- WORK INSTRUCTIONS
Using the entries below, say how many of the lines carry "Definition". Write the number alone.

- EXERCISE INPUTS

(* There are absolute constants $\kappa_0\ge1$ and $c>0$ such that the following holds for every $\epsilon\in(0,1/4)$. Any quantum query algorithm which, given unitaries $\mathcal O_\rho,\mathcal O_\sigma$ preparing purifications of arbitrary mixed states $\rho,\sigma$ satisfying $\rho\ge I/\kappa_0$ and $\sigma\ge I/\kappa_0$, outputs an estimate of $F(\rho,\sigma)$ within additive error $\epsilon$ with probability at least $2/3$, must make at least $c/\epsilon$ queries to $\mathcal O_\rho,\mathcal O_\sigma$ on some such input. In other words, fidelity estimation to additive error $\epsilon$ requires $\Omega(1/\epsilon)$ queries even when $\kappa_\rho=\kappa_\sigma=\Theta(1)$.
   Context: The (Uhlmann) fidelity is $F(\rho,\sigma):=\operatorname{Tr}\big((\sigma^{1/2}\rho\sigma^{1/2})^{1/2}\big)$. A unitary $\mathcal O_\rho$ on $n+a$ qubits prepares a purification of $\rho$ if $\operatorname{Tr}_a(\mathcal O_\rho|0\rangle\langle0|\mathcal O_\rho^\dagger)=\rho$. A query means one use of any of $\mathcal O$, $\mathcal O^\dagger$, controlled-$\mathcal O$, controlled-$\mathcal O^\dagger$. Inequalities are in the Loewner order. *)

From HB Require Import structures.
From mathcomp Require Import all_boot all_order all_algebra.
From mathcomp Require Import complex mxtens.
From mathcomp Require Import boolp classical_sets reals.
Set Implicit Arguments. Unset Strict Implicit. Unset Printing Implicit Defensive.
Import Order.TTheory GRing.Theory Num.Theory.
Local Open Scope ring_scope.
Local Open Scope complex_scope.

...

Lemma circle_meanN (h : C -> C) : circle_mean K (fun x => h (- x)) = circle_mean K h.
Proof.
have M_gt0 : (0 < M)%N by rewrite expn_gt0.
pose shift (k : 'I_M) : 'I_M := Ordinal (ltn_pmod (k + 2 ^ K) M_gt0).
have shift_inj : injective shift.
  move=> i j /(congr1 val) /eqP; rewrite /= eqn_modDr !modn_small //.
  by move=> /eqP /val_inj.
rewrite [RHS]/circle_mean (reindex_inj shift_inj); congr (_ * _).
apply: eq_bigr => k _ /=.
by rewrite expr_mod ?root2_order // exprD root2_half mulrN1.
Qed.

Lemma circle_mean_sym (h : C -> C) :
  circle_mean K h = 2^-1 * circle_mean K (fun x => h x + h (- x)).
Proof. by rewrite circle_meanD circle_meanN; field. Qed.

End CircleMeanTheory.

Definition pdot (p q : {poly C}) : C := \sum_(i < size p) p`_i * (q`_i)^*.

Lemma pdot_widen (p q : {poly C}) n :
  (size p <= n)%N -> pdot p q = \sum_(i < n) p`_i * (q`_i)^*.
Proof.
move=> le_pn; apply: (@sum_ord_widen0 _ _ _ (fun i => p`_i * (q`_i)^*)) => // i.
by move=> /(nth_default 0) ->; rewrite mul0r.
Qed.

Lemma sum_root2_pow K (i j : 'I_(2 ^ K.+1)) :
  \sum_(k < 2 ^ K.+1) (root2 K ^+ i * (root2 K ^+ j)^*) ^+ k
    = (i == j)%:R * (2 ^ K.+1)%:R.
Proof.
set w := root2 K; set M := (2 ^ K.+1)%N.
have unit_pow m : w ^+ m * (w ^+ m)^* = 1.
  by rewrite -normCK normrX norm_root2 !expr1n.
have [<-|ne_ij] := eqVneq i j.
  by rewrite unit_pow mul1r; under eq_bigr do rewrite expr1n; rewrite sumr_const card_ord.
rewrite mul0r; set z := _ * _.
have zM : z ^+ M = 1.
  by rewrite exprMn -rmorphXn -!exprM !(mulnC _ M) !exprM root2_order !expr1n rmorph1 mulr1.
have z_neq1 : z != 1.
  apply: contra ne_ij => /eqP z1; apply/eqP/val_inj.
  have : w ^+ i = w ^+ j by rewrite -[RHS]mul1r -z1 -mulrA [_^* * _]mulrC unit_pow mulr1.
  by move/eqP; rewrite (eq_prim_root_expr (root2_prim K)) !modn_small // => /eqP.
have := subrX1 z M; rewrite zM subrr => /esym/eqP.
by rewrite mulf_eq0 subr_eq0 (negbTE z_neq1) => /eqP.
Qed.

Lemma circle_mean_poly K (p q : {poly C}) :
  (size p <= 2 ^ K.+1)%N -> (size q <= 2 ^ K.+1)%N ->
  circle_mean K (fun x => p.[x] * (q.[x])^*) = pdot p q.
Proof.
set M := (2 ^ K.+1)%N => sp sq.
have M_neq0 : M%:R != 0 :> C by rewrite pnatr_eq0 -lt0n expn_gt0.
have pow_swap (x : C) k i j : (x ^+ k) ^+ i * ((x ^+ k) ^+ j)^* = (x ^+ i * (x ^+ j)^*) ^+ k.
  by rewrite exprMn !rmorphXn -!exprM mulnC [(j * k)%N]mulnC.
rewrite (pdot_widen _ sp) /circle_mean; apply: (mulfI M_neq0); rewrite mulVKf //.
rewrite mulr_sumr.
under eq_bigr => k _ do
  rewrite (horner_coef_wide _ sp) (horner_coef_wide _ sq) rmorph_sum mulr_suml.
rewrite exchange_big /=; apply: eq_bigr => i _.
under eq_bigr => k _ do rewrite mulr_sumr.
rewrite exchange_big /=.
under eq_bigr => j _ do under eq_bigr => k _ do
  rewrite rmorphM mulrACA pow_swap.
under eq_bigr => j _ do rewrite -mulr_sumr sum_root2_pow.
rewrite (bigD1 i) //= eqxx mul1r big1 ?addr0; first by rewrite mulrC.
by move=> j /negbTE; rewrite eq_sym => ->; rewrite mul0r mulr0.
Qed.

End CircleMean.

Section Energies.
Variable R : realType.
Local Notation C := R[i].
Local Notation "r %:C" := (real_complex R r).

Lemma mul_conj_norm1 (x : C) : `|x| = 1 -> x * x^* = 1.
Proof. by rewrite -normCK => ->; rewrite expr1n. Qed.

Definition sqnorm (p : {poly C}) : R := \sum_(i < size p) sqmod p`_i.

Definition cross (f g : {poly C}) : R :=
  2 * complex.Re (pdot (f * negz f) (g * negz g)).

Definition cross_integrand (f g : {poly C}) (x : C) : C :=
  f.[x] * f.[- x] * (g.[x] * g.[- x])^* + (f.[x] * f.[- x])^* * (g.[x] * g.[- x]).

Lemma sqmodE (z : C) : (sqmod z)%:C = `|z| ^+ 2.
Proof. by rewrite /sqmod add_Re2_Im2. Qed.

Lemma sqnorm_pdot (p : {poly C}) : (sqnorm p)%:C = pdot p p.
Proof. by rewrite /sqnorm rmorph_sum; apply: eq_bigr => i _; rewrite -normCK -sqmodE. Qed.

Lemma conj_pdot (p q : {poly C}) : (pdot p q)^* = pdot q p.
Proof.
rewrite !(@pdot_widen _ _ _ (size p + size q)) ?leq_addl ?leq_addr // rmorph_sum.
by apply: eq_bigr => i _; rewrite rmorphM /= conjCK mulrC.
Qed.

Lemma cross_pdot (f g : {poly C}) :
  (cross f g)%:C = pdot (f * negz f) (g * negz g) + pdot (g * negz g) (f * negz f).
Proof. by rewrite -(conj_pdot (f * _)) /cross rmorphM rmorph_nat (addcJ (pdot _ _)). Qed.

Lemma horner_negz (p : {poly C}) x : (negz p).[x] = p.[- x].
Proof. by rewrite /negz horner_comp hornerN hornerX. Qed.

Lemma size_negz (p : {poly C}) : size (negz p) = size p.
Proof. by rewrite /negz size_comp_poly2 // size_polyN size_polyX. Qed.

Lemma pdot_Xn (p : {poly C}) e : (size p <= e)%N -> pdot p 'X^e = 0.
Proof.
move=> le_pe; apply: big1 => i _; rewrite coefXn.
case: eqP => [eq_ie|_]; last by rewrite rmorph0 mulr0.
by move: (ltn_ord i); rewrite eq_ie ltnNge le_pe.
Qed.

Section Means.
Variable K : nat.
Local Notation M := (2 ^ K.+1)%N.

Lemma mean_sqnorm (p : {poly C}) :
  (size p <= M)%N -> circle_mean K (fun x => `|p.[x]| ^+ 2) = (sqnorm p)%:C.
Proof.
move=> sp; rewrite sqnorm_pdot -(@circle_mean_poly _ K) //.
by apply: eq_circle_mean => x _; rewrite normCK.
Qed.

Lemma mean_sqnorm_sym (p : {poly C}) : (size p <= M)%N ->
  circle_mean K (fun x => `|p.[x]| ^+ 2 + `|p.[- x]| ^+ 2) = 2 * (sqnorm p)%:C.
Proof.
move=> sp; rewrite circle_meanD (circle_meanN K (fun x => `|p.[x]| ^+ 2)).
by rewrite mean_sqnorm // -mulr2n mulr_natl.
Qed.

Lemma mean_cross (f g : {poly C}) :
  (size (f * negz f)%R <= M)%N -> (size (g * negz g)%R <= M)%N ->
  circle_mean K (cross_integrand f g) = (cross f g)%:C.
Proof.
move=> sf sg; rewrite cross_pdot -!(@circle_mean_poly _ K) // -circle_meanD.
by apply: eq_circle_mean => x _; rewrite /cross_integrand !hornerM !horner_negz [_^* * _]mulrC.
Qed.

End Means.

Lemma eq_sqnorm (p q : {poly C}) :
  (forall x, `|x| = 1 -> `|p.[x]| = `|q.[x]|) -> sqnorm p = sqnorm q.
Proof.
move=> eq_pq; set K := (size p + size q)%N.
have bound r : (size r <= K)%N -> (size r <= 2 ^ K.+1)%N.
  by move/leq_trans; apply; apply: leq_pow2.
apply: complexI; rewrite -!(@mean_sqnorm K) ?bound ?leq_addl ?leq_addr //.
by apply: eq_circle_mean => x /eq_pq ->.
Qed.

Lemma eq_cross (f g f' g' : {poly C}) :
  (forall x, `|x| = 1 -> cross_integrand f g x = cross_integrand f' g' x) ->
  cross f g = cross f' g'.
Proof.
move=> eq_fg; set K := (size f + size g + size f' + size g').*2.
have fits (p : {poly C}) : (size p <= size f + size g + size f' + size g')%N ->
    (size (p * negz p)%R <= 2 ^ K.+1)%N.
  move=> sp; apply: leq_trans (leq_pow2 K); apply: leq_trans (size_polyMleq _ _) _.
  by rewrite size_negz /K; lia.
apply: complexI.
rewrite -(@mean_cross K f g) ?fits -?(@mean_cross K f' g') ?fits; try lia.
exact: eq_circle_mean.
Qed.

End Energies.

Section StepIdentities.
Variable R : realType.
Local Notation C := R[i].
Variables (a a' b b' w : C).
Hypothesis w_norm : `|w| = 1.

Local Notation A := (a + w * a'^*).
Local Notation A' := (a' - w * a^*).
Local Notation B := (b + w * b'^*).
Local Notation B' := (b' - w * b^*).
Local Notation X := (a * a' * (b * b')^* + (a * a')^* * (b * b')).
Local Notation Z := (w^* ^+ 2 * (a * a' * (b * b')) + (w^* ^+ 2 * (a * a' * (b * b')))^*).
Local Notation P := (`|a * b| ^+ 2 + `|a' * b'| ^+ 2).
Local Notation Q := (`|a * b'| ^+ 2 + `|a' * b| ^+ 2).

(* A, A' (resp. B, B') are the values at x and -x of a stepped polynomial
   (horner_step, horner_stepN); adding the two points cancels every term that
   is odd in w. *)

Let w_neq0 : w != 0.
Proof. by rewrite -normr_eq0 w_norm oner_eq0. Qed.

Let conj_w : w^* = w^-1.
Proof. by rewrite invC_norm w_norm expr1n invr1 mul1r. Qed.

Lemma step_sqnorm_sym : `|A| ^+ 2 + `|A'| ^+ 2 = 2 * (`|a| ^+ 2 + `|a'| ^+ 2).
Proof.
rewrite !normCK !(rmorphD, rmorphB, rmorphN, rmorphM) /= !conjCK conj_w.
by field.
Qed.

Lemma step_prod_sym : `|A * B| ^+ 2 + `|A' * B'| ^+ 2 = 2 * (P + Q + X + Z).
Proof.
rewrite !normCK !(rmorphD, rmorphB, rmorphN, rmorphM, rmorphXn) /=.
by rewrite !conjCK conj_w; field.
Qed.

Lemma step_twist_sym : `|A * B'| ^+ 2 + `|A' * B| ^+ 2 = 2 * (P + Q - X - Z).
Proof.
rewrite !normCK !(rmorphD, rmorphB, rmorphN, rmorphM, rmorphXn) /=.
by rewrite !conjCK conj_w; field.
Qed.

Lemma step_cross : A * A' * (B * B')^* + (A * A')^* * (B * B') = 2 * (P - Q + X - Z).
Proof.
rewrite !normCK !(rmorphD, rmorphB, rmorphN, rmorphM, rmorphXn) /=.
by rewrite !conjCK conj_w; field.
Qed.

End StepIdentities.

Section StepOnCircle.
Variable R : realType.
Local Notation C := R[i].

- RESPONSE AREA
4